Beloved transgender actress, author, and activist Cecilia Gentili has passed away. Gentili was a towering queer presence in New York City and beyond, an asylum seeker from Argentina who spent her life fighting for the rights of undocumented immigrants, sex workers, and LGBTQ+ people. Friends and family notified the public of her passing via a post on her Instagram page on February 6.
“Our beloved Cecilia Gentili passed away this morning to continue watching over us in spirit,” the tribute read. “Please be gentle with each other and love one another with ferocity. We will be sharing more updates about services and what is to come in the following days. At this time, we’re asking for privacy, time, and space to grieve.”
Instagram content
This content can also be viewed on the site it originates from.
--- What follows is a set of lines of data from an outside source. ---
(* Let $T$, $S$, $A$ be closed Hermitian subspaces in $X^2$ with $D(T)=D(S)=:D\subset D(A)$ and $T=S+A$, and assume $\rho(T)\cap\rho(S)\neq\emptyset$. (i) If $A_s$ is $S_s$-compact, then $T$ is a compact perturbation of $S$. (ii) If $T$ is a compact perturbation of $S$, $T(0)^\perp$ reduces both $S$ and $A$, and $T_s$ is a bounded operator on $D$, then $A_s$ is $S_s$-compact.
   Context: $X$ is a complex Hilbert space and $X^2=X\times X$ carries the inner product $\langle (x,f),(y,g)\rangle=\langle x,y\rangle+\langle f,g\rangle$. A subspace $T$ in $X^2$ means a linear subspace of $X^2$ (a linear relation); a linear operator in $X$ is identified with its graph. Notation: $D(T)=\{x:(x,f)\in T \text{ for some } f\}$, $T(x)=\{f:(x,f)\in T\}$, $T^{-1}=\{(f,x):(x,f)\in T\}$, $\lambda I$ is the graph of $x\mapsto \lambda x$, and $T-\lambda I=\{(x,f-\lambda x):(x,f)\in T\}$. The adjoint is $T^*=\{(y,g)\in X^2:\langle g,x\rangle=\langle y,f\rangle \text{ for all }(x,f)\in T\}$; $T$ is Hermitian if $T\subset T^*$. For subspaces $S,A$ in $X^2$, $S+A=\{(x,f+g):(x,f)\in S,(x,g)\in A\}$. For a closed subspace $T$, set $T_\infty=\{(0,g)\in X^2:(0,g)\in T\}$ and $T_s=T\ominus T_\infty$ (orthogonal complement of $T_\infty$ in $T$), so $T=T_s\oplus T_\infty$; $T_s$ is the graph of a linear operator (the operator part of $T$) with $D(T_s)=D(T)$ and $R(T_s)\subset T(0)^\perp$. Resolvent set: $\rho(T)=\{\lambda\in\mathbb C:(\lambda I-T)^{-1}$ is a bounded linear operator defined on all of $X\}$. Reducing subspace: a closed subspace $X_1\subset X$ with orthogonal projection $P$ onto it reduces $T$ if $\{(Px,Pf):(x,f)\in T\}\subset T$. For linear operators $U,V$ in $X$ with $D(V)\subset D(U)$: $U$ is $V$-compact if $U|_{D(V)}$ is compact as a map from $(D(V),\|\cdot\|_V)$ into $X$, where $\|x\|_V=\|x\|+\|Vx\|$. Compact perturbation: for closed subspaces $T,S$ in $X^2$ with orthogonal projections $P_T,P_S$ of $X^2$ onto $T$, $S$, $T$ is a compact perturbation of $S$ if $P_T-P_S$ is a compact operator. *)

From Stdlib Require Import Reals.
Open Scope R_scope.

Definition Cplx : Type := (R * R)%type.
Definition Cre (z : Cplx) : R := fst z.
Definition Cim (z : Cplx) : R := snd z.
Definition C0 : Cplx := (0, 0).
Definition C1 : Cplx := (1, 0).
Definition Cplus (z w : Cplx) : Cplx := (fst z + fst w, snd z + snd w).
Definition Copp (z : Cplx) : Cplx := (- fst z, - snd z).
Definition Cmult (z w : Cplx) : Cplx :=
  (fst z * fst w - snd z * snd w, fst z * snd w + snd z * fst w).
Definition Cconj (z : Cplx) : Cplx := (fst z, - snd z).
(* Let $a\in\mathrm{F}^\uparrow$ with $\mathrm{supp}(a)=(0,r)$, let $\alpha_0\in(0,r)\cap A$, set $\alpha_k=(\alpha_0)a^k$ ($k\in\mathbb Z$), and let $b\in\mathrm{F}^\uparrow$ with $\mathrm{supp}(b)=(\alpha_0,\alpha_1)$. Let $d$ be a generator of the (cyclic) centralizer of $b$ in $\mathrm{F}_{(\alpha_0,\alpha_1)}$. Then the centralizer of the set $\{a^{-k}ba^k\mid k\in\mathbb Z\}$ in $\mathrm{F}$ is the subgroup generated by $\{a^{-k}da^k\mid k\in\mathbb Z\}$.
   Context: Fix an admissible triple $(r,\Lambda,A)$: $r>0$, $\Lambda\le\mathbb R^*_+$ a nontrivial multiplicative subgroup, $A\subseteq\mathbb R$ an additive subgroup with $r\in A$ and $\Lambda A\subseteq A$. $\mathrm{F}=\mathrm{F}(r,\Lambda,A)$ is the group of homeomorphisms of $[0,r)$ that are piecewise affine with finitely many breakpoints, all slopes in $\Lambda$, breakpoints and their images in $A$; maps act on the right. $\mathrm{F}^\uparrow=\{x\in\mathrm{F}\mid(t)x\ge t\ \forall t\}$; $\mathrm{supp}(x)$ is the set of non-fixed points; $\mathrm{F}_S=\{x\in\mathrm{F}\mid\mathrm{supp}(x)\subseteq S\}$. *)

From Stdlib Require Import Reals.
Open Scope R_scope.

Definition admissible (r : R) (Lam A : R -> Prop) : Prop :=
  0 < r /\
  (forall l, Lam l -> 0 < l) /\ Lam 1 /\
  (forall l m, Lam l -> Lam m -> Lam (l * m)) /\
  (forall l, Lam l -> Lam (/ l)) /\
  (exists l, Lam l /\ l <> 1) /\
  A 0 /\ (forall x y, A x -> A y -> A (x + y)) /\ (forall x, A x -> A (- x)) /\
  A r /\ (forall l x, Lam l -> A x -> A (l * x)).

Definition I0r (r t : R) : Prop := 0 <= t < r.

Definition cont_on (D : R -> Prop) (f : R -> R) : Prop :=
  forall x, D x -> forall eps, 0 < eps -> exists delta, 0 < delta /\
    forall y, D y -> Rabs (y - x) < delta -> Rabs (f y - f x) < eps.
Lemma ins_child_spec m x ks cs :
  List.Forall (insertion_sound m x) cs -> size cs = (size ks).+1 -> all (btree_wf m) cs ->
  sorted ltn (interleave (map inorder cs) ks) -> x \notin interleave (map inorder cs) ks ->
  let i := count (fun k => k < x) ks in children_correct m x i ks cs (ins_child m x i cs).
Proof.
elim: cs ks => [|c cs IH] ks // /List.Forall_cons_iff [sound_c sound_cs] [size_cs].
case/andP=> wf_c wf_cs; rewrite (interleave_cons (inorder c)) => sorted_ks x_ks i.
case: ks size_cs @i sorted_ks x_ks => [|k0 ks] size_cs i sorted_ks x_ks.
  exact: ins_child_head_spec.
move: sorted_ks x_ks.
rewrite -[interleave ([::] :: _) _]/(k0 :: interleave (map inorder cs) ks).
set W := interleave _ ks => sorted_ks x_ks.
have := sorted_ks; rewrite sorted_ltn_cat => /and3P [c_lt_k0 _ sorted_k0W].
have [lt_k0x|le_xk0] := ltnP k0 x; last first.
  have -> : i = 0.
    apply: count_lt_sorted le_xk0; apply: (subseq_sorted ltn_trans) sorted_k0W.
    by rewrite /= eqxx subseq_interleave ?size_map.
  exact: ins_child_head_spec sound_c wf_c wf_cs size_cs sorted_ks x_ks
           (count_lt_sorted sorted_k0W le_xk0).
have sorted_W : sorted ltn W := path_sorted sorted_k0W.
have x_W : x \notin W by move: x_ks; rewrite mem_cat !inE !negb_or => /and3P [].
have count_c : count (fun k => k < x) (inorder c) = size (inorder c).
  apply/eqP; rewrite -all_count; apply/allP => y y_c.
  by apply: ltn_trans lt_k0x; move/allrelP: c_lt_k0 => /(_ y k0 y_c); rewrite inE eqxx; apply.
set i' := count (fun k => k < x) ks.
have : children_correct m x i' ks cs (ins_child m x i' cs).
  exact: IH ks sound_cs size_cs wf_cs sorted_W x_W.
have -> : i = i'.+1 by rewrite /i /= lt_k0x.
rewrite ins_child_behead; case: (ins_child m x i' cs) => cs2 o [wf2 size2 keys2 leaves2].
have count_tail : count (fun k => k < x) (inorder c ++ k0 :: W) =
    size (inorder c ++ [:: k0]) + count (fun k => k < x) W.
  by rewrite count_cat count_c /= lt_k0x size_cat addnA.
rewrite /children_correct ![(_, _).1]/= ![(_, _).2]/= opt_insert_cons.
rewrite -[interleave _ (k0 :: ks)]/(inorder c ++ k0 :: W) count_tail.
split.
- exact/andP.
- by rewrite /= size2.
- rewrite -[interleave _ (k0 :: _)]/
    (inorder c ++ k0 :: interleave (map inorder cs2) (opt_insert i' o ks)).
  by rewrite keys2 -[_ ++ k0 :: W]/(_ ++ [:: k0] ++ W) catA insert_at_catr -catA.
- rewrite -[flatten (map _ (c :: cs))]/(leaf_sizes c ++ flatten (map leaf_sizes cs)).
  rewrite -[flatten (map _ (c :: cs2))]/(leaf_sizes c ++ flatten (map leaf_sizes cs2)).
  by rewrite size_cat addn1 -(slots_leaf_sizes wf_c) fringe_insert_catr leaves2.
Qed.

Lemma ins_sound m x t : insertion_sound m x t.
Proof.
elim/btree_nested_ind: t => ks [|c cs] IH wf_t sorted_t x_t.
  move: wf_t; rewrite /insertion_correct ins_leaf inorder_leaf leaf_sizes_leaf btree_wf_leaf.
  move=> le_ks; have le_r := count_size (fun k => k < x) ks.
  have [|wf_res keys_res leaves_res] :=
    @mk_node_leaf_spec m (insert_at (count (fun k => k < x) ks) x ks).
    by rewrite size_insert_at ltnS.
  by split=> //; rewrite leaves_res size_insert_at /= le_r cats0.
move: wf_t sorted_t x_t; rewrite btree_wf_node // inorder_node //.
move=> /and3P [le_ks /eqP size_cs wf_cs] sorted_t x_t.
have [wf2 size2 keys2 leaves2] := ins_child_spec IH size_cs wf_cs sorted_t x_t.
rewrite /insertion_correct ins_inner // inorder_node // leaf_sizes_node //.
have [|wf_res keys_res leaves_res] := mk_node_inner_spec _ size2 wf2.
  by rewrite size_opt_insert; case: (_ != _); lia.
by split=> //; rewrite ?keys_res ?leaves_res.
Qed.
Lemma linC_supported (k : 'I_n -> C) :
  (forall i : 'I_n, ~ sigma (vR A`_i) -> k i = 0) ->
  linC f (\sum_(i < n) k i *: vC A`_i) = 0.
Proof.
move=> k_sigma; rewrite linC_comb big1 // => i _.
have [/Fsigma_sigma -> | /k_sigma ->] := pselect (sigma (vR A`_i)).
  by rewrite mulr0.
by rewrite mul0r.
Qed.

Lemma Fplus_iff_E alpha : in_Fplus A f alpha <-> exists l, E_tau A sigma alpha l.
Proof.
split=> [[z [[c ->] fz]] | [l [[k [k_sigma ->]] [c [e [e_sigma Ea]]]]]].
  exists (alpha - vC (\sum_(i < n) (c i)%:R *: A`_i)); split.
    by apply: facet_ker_Cspan; rewrite linearB /= linC_vecC fz subrr.
  exists c, (fun=> 0); split=> //; rewrite opprB addrC subrK raddf_sum.
  by apply: eq_bigr => i _ /=; rewrite vecC_natZ addr0.
exists (\sum_(i < n) (c i)%:R *: A`_i); split; first by exists c.
have e_sigma' (i : 'I_n) : ~ sigma (vR A`_i) -> (e i)%:~R = 0 :> C.
  by move/e_sigma ->.
rewrite -(subrK (\sum_(i < n) k i *: vC A`_i) alpha) Ea linearD /=.
rewrite (linC_supported k_sigma).
under eq_bigr do rewrite scalerDl.
rewrite big_split linearD /= (linC_supported e_sigma') !addr0 -linC_vecC.
rewrite [vC _]raddf_sum; apply: congr1; apply: eq_bigr => i _.
by rewrite /= vecC_natZ.
Qed.

Lemma Fplus_class alpha beta :
  eq_class A alpha beta -> in_Fplus A f alpha <-> in_Fplus A f beta.
Proof.
move=> ab; rewrite !Fplus_iff_E; have face_sigma := facet_sigma.1.
by split=> -[l El]; exists l; apply/(ab _ face_sigma l).
Qed.

Lemma Fplus_Re_pos beta :
  in_Fplus A f beta -> linC f beta != 0 -> 0 < linR f (reV beta).
Proof.
move=> [z [NAz fz]]; rewrite fz fmorph_eq0 -linC_Re fz /= => fz_neq0.
by rewrite lt0r fz_neq0; apply/Fsigma_ge0/NA_cone.
Qed.
(* Let $I$ be a nonempty set, $1<p<\infty$, and for each $i\in I$ let $A_i:X_i\to Y_i$ be a bounded linear operator with $\sup_{i\in I}\|A_i\|<\infty$. Let $A:(\bigoplus_{i\in I}X_i)_{\ell_p(I)}\to(\bigoplus_{i\in I}Y_i)_{\ell_p(I)}$ be defined by $A|_{X_i}=A_i$. Then $\mathbf t_p(A)\le\sup_{i\in I}\max\{\mathbf t_p(A_i),\|A_i\|\}$. The analogous statement holds for $\mathbf t_\infty$ with the $\ell_p(I)$-direct sums replaced by $c_0(I)$-direct sums.
   Context: For an operator $B:X\to Y$ and $1<p<\infty$, $\mathbf t_p(B)$ is the infimum of those $C>0$ such that for every $y\in Y$, $\sigma>0$ and weakly null net $(x_\lambda)\subset\sigma B_X$, $\limsup_\lambda\|y+Bx_\lambda\|^p\le\|y\|^p+C^p\sigma^p$; $\mathbf t_\infty(B)$ is the infimum of those $C>0$ such that under the same quantifiers $\limsup_\lambda\|y+Bx_\lambda\|\le\max\{\|y\|,C\sigma\}$ (infimum of empty set $=\infty$). *)

From Stdlib Require Import Reals Lra List.
Open Scope R_scope.

(* ---------- real powers, with the convention 0^q = 0 (q > 0) ---------- *)
Definition rpow (a q : R) : R := if Rle_dec a 0 then 0 else Rpower a q.

Lemma rpow_nonneg a q : 0 <= rpow a q.
Proof. unfold rpow, Rpower; destruct (Rle_dec a 0); [lra|]. left; apply exp_pos. Qed.

Lemma rpow_mono a b q : 0 <= q -> 0 <= a <= b -> rpow a q <= rpow b q.
Proof.
  intros Hq Hab; unfold rpow.
  destruct (Rle_dec a 0); destruct (Rle_dec b 0).
  - lra.
  - unfold Rpower; left; apply exp_pos.
  - lra.
  - apply Rle_Rpower_l; lra.
Qed.

Lemma rpow_mult a b q : 0 <= a -> 0 <= b -> rpow (a * b) q = rpow a q * rpow b q.
Proof.
  intros Ha Hb; unfold rpow.
  destruct (Rle_dec a 0) as [Ha0|Ha0].
  - assert (a = 0) by lra; subst. rewrite Rmult_0_l.
    destruct (Rle_dec 0 0); [ring | lra].
  - destruct (Rle_dec b 0) as [Hb0|Hb0].
    + assert (b = 0) by lra; subst. rewrite Rmult_0_r.
      destruct (Rle_dec 0 0); [ring | lra].
    + destruct (Rle_dec (a * b) 0) as [H|H].
      * assert (0 < a * b) by (apply Rmult_lt_0_compat; lra). lra.
      * symmetry; apply Rpower_mult_distr; lra.
Qed.

Lemma rpow_max a b q : rpow (Rmax a b) q <= rpow a q + rpow b q.
Proof.
  unfold Rmax; destruct (Rle_dec a b);
  [pose proof (rpow_nonneg a q) | pose proof (rpow_nonneg b q)]; lra.
Qed.

Definition lsum {I : Type} (f : I -> R) (l : list I) : R :=
  fold_right (fun i s => f i + s) 0 l.

Lemma lsum_le {I : Type} (f g : I -> R) l :
  (forall i, f i <= g i) -> lsum f l <= lsum g l.
Proof. intros H; induction l; simpl; [lra|]. specialize (H a); lra. Qed.

Lemma lsum_plus {I : Type} (f g : I -> R) l :
  lsum (fun i => f i + g i) l = lsum f l + lsum g l.
Proof. induction l; simpl; [ring|]. rewrite IHl; ring. Qed.

Lemma lsum_scal {I : Type} (c : R) (f : I -> R) l :
  lsum (fun i => c * f i) l = c * lsum f l.
Proof. induction l; simpl; [ring|]. rewrite IHl; ring. Qed.

Lemma lsum_nonneg {I : Type} (f : I -> R) l :
  (forall i, 0 <= f i) -> 0 <= lsum f l.
Proof. intros H; induction l; simpl; [lra|]. specialize (H a); lra. Qed.

Lemma lsum_in {I : Type} (f : I -> R) l i :
  (forall j, 0 <= f j) -> In i l -> f i <= lsum f l.
Proof.
  intros H; induction l as [|a l IH]; simpl; [tauto|].
  intros [->|Hi].
  - pose proof (lsum_nonneg f l H); lra.
  - specialize (IH Hi); specialize (H a); lra.
Qed.

Record PreNormed := {
  pn_car :> Type;
  pn_add : pn_car -> pn_car -> pn_car;
  pn_scal : R -> pn_car -> pn_car;
  pn_norm : pn_car -> R }.

Arguments pn_add {_}.
Arguments pn_scal {_}.
Arguments pn_norm {_}.

Record NormedSpace := {
  ns_pre :> PreNormed;
  ns_zero : ns_pre;
  ns_opp : ns_pre -> ns_pre;
  ns_add_assoc : forall x y z : ns_pre, pn_add x (pn_add y z) = pn_add (pn_add x y) z;
  ns_add_comm : forall x y : ns_pre, pn_add x y = pn_add y x;
  ns_add_zero : forall x : ns_pre, pn_add x ns_zero = x;
  ns_add_opp : forall x : ns_pre, pn_add x (ns_opp x) = ns_zero;
  ns_scal_assoc : forall a b (x : ns_pre), pn_scal a (pn_scal b x) = pn_scal (a * b) x;
  ns_scal_one : forall x : ns_pre, pn_scal 1 x = x;
  ns_scal_distr_l : forall a (x y : ns_pre), pn_scal a (pn_add x y) = pn_add (pn_scal a x) (pn_scal a y);
  ns_scal_distr_r : forall a b (x : ns_pre), pn_scal (a + b) x = pn_add (pn_scal a x) (pn_scal b x);
  ns_norm_nonneg : forall x : ns_pre, 0 <= pn_norm x;
  ns_norm_eq0 : forall x : ns_pre, pn_norm x = 0 -> x = ns_zero;
  ns_norm_scal : forall a (x : ns_pre), pn_norm (pn_scal a x) = Rabs a * pn_norm x;
  ns_norm_triangle : forall x y : ns_pre, pn_norm (pn_add x y) <= pn_norm x + pn_norm y;
  ns_complete : forall u : nat -> ns_pre,
    (forall eps, 0 < eps -> exists N, forall m n, (N <= m)%nat -> (N <= n)%nat ->
        pn_norm (pn_add (u m) (ns_opp (u n))) < eps) ->
    exists l, forall eps, 0 < eps -> exists N, forall n, (N <= n)%nat ->
        pn_norm (pn_add (u n) (ns_opp l)) < eps }.

Record LinOp (X Y : NormedSpace) := {
  lo_fun :> X -> Y;
  lo_add : forall x y, lo_fun (pn_add x y) = pn_add (lo_fun x) (lo_fun y);
  lo_scal : forall a x, lo_fun (pn_scal a x) = pn_scal a (lo_fun x);
  lo_bdd : exists C, forall x, pn_norm (lo_fun x) <= C * pn_norm x }.

Definition opnorm_le (X Y : PreNormed) (B : X -> Y) (M : R) : Prop :=
  forall x : X, pn_norm x <= 1 -> pn_norm (B x) <= M.

Record Directed := {
  dir_car :> Type;
  dir_le : dir_car -> dir_car -> Prop;
  dir_refl : forall a, dir_le a a;
  dir_trans : forall a b c, dir_le a b -> dir_le b c -> dir_le a c;
  dir_nonempty : inhabited dir_car;
  dir_up : forall a b, exists c, dir_le a c /\ dir_le b c }.

Definition is_bdd_lin_functional (X : PreNormed) (f : X -> R) : Prop :=
  (forall x y, f (pn_add x y) = f x + f y) /\
  (forall a x, f (pn_scal a x) = a * f x) /\
  (exists C, forall x, Rabs (f x) <= C * pn_norm x).

Definition weakly_null (X : PreNormed) (D : Directed) (x : D -> X) : Prop :=
  forall f : X -> R, is_bdd_lin_functional X f ->
    forall eps, 0 < eps -> exists l0 : D, forall l, dir_le D l0 l -> Rabs (f (x l)) < eps.

Definition limsup_le (D : Directed) (a : D -> R) (c : R) : Prop :=
  forall eps, 0 < eps -> exists l0 : D, forall l, dir_le D l0 l -> a l <= c + eps.

Definition tp_admissible (p : R) (X Y : PreNormed) (B : X -> Y) (C : R) : Prop :=
  0 < C /\
  forall (y : Y) (sigma : R) (D : Directed) (x : D -> X),
    0 < sigma -> (forall l, pn_norm (x l) <= sigma) -> weakly_null X D x ->
    limsup_le D (fun l => rpow (pn_norm (pn_add y (B (x l)))) p)
                (rpow (pn_norm y) p + rpow C p * rpow sigma p).

Definition tinf_admissible (X Y : PreNormed) (B : X -> Y) (C : R) : Prop :=
  0 < C /\
  forall (y : Y) (sigma : R) (D : Directed) (x : D -> X),
    0 < sigma -> (forall l, pn_norm (x l) <= sigma) -> weakly_null X D x ->
    limsup_le D (fun l => pn_norm (pn_add y (B (x l))))
                (Rmax (pn_norm y) (C * sigma)).

Arguments tp_admissible p {X Y} B C.
Arguments tinf_admissible {X Y} B C.
Arguments opnorm_le {X Y} B M.

(* t_p(B) <= M   (t_p(B) = inf of admissible C, inf of empty set = +oo) *)
Definition tp_le (p : R) (X Y : PreNormed) (B : X -> Y) (M : R) : Prop :=
  forall eps, 0 < eps -> exists C, tp_admissible p B C /\ C < M + eps.

Definition tinf_le (X Y : PreNormed) (B : X -> Y) (M : R) : Prop :=
  forall eps, 0 < eps -> exists C, tinf_admissible B C /\ C < M + eps.

Arguments tp_le p {X Y} B M.
Arguments weakly_null {X D} x.
Arguments limsup_le {D} a c.
Arguments tinf_le {X Y} B M.

Definition lp_mem {I : Type} (X : I -> NormedSpace) (p : R) (x : forall i, X i) : Prop :=
  exists M, forall l : list I, NoDup l ->
    lsum (fun i => rpow (pn_norm (x i)) p) l <= M.

Definition lpT {I : Type} (X : I -> NormedSpace) (p : R) : Type :=
  { x : forall i, X i | lp_mem X p x }.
Gentili was in the midst of a period of creative flourishing, having released her stunning debut book Faltas: Letters to Everyone in My Hometown Who Isn’t My Rapist in 2022, and performing her autobiographical off-Broadway show Red Ink in 2023. In an interview about the production late last year, Gentili told Them that she hoped the show would entertain people, but also force them to grapple with the often harsh realities of trans life. “I wanted them to laugh, but also to wonder why we have to make trans people’s lives so hard,” she said.
Among her many accomplishments, Gentili was the Director of Policy at the GMHC (formerly Gay Men’s Health Crisis), a New York City-based AIDS service organization, and the founder of Trans Equity Consulting, an organizational development consulting firm that sought to center trans women of color, immigrants, sex workers, and incarcerated people.
As an actress, Cecilia performed one-woman shows including The Knife Cuts Both Ways and appeared as Ms. Orlando on Pose, the groundbreaking FX drama about the experiences of trans women of color set against the backdrop of the AIDS crisis in 1980s New York.